== Segment start ==
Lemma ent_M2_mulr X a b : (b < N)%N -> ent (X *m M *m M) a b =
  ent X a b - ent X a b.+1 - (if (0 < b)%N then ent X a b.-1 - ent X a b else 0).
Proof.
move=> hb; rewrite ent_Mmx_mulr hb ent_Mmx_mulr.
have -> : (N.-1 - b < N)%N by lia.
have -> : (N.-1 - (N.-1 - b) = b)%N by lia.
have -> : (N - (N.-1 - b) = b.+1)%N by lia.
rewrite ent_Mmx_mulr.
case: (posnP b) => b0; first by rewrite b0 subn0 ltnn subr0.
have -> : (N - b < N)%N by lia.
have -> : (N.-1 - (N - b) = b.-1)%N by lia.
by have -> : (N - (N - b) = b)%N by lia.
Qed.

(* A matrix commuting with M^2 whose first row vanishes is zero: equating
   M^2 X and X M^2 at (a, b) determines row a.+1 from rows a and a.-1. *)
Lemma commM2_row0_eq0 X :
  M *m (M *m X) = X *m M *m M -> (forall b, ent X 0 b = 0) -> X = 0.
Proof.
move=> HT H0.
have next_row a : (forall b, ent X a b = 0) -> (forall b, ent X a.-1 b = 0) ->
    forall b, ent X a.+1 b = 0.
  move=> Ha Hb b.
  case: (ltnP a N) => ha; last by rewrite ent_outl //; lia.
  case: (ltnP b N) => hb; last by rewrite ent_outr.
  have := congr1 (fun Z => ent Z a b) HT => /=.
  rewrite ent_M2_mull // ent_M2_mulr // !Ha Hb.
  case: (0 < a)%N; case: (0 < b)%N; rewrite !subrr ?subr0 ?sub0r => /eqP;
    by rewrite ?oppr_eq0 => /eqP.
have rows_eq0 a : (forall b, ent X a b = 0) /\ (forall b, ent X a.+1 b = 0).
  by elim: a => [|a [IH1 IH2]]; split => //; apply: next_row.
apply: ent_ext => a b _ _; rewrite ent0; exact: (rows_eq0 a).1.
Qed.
== Segment end ==
== Segment start ==
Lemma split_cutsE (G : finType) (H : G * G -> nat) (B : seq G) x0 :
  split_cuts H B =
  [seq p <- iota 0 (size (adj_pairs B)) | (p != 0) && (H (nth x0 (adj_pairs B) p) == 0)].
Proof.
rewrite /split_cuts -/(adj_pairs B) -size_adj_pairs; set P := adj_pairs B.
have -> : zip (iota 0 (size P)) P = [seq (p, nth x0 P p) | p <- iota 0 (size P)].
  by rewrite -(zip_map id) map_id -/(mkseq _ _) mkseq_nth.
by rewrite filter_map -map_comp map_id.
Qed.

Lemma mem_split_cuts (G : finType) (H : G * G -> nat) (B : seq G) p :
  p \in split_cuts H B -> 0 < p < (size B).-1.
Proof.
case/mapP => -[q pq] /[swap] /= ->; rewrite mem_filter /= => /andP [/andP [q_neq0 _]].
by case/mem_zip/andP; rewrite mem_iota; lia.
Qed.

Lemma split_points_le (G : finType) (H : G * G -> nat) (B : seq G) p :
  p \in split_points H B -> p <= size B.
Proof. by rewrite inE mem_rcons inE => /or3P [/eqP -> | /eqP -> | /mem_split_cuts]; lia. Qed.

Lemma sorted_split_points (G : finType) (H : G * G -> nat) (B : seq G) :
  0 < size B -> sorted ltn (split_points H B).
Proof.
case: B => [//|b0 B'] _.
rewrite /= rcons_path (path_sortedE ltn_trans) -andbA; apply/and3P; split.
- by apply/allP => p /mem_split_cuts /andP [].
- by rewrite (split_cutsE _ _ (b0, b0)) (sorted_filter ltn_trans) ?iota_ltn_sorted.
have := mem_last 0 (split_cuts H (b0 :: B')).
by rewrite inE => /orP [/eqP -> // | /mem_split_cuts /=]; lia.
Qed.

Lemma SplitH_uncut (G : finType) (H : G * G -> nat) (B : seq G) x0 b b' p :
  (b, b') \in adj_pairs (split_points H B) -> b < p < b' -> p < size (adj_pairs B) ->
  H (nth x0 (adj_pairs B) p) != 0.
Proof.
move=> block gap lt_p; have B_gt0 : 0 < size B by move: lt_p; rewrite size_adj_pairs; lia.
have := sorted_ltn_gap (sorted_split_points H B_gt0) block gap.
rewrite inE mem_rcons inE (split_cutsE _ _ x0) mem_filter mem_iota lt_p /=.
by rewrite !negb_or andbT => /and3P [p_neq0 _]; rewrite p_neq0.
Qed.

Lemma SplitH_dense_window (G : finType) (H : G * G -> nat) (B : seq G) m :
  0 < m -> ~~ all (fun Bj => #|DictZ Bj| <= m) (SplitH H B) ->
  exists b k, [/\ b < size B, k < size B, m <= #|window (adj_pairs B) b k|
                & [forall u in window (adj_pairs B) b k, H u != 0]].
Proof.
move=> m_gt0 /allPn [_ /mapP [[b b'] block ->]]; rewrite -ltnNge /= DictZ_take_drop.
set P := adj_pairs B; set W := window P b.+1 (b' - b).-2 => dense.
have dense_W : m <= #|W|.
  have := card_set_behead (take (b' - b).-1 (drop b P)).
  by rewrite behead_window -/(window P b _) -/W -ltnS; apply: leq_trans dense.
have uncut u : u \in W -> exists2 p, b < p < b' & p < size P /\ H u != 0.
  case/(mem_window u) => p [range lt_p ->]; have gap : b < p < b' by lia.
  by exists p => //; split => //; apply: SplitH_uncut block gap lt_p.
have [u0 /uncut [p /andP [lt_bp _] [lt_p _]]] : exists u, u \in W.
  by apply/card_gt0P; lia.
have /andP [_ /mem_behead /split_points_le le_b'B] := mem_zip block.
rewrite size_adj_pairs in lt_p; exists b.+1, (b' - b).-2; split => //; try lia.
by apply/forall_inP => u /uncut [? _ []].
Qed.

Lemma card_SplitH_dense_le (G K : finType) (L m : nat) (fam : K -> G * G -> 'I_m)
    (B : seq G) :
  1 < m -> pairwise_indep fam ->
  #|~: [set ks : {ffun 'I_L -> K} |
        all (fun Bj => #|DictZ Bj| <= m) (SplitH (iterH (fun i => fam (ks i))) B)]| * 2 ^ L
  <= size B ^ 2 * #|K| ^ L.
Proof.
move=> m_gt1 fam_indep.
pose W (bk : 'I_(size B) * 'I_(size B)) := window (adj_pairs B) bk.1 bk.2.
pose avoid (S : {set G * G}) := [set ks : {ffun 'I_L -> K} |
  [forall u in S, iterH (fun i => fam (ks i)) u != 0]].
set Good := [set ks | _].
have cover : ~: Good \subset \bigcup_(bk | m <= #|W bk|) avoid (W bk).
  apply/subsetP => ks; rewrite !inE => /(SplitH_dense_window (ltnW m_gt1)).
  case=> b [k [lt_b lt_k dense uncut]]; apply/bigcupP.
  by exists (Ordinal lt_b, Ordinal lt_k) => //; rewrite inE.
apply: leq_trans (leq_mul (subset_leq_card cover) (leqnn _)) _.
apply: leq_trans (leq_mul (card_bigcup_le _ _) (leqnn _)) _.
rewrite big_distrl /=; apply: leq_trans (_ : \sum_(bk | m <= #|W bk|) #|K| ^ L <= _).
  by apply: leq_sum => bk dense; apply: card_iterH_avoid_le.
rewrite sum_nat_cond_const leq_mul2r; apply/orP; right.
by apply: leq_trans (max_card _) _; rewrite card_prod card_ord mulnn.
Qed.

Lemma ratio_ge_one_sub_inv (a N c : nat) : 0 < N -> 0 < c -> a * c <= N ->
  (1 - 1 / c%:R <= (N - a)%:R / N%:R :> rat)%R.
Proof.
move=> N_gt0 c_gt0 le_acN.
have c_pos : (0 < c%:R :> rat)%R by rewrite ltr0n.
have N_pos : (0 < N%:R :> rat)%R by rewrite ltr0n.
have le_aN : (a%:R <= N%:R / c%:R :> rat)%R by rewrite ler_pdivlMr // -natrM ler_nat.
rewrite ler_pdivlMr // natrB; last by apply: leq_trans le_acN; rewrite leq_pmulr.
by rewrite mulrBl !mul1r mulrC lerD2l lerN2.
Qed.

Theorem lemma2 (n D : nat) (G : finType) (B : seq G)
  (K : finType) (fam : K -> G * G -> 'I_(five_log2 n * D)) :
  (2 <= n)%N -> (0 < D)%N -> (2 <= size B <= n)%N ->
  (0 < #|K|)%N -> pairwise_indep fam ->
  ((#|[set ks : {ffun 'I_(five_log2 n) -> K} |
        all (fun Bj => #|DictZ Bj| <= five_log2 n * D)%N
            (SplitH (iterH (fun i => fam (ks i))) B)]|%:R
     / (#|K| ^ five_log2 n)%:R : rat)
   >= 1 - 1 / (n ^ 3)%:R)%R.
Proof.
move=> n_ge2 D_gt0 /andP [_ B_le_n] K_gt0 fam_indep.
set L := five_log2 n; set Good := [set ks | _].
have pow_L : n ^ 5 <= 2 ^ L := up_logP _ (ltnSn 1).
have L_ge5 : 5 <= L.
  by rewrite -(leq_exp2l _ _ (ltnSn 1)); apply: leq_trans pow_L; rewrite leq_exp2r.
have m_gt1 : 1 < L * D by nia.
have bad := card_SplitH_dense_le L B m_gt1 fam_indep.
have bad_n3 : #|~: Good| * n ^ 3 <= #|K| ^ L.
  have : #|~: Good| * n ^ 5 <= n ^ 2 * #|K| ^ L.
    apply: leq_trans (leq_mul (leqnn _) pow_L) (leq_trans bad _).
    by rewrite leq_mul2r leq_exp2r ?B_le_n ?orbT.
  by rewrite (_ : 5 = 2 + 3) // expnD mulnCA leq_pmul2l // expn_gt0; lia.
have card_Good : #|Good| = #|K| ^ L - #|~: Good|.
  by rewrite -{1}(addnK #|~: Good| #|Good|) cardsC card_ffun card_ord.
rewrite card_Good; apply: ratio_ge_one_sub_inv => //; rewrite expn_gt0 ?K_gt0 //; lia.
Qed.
== Segment end ==
**Assigned task**
In the listing above, find the line containing "[forall u in S, iterH" and the line containing "rewrite big_distrl /=;". Output them and every line between, exactly, and nothing else.

**Output of the task**
  [forall u in S, iterH (fun i => fam (ks i)) u != 0]].
set Good := [set ks | _].
have cover : ~: Good \subset \bigcup_(bk | m <= #|W bk|) avoid (W bk).
  apply/subsetP => ks; rewrite !inE => /(SplitH_dense_window (ltnW m_gt1)).
  case=> b [k [lt_b lt_k dense uncut]]; apply/bigcupP.
  by exists (Ordinal lt_b, Ordinal lt_k) => //; rewrite inE.
apply: leq_trans (leq_mul (subset_leq_card cover) (leqnn _)) _.
apply: leq_trans (leq_mul (card_bigcup_le _ _) (leqnn _)) _.
rewrite big_distrl /=; apply: leq_trans (_ : \sum_(bk | m <= #|W bk|) #|K| ^ L <= _).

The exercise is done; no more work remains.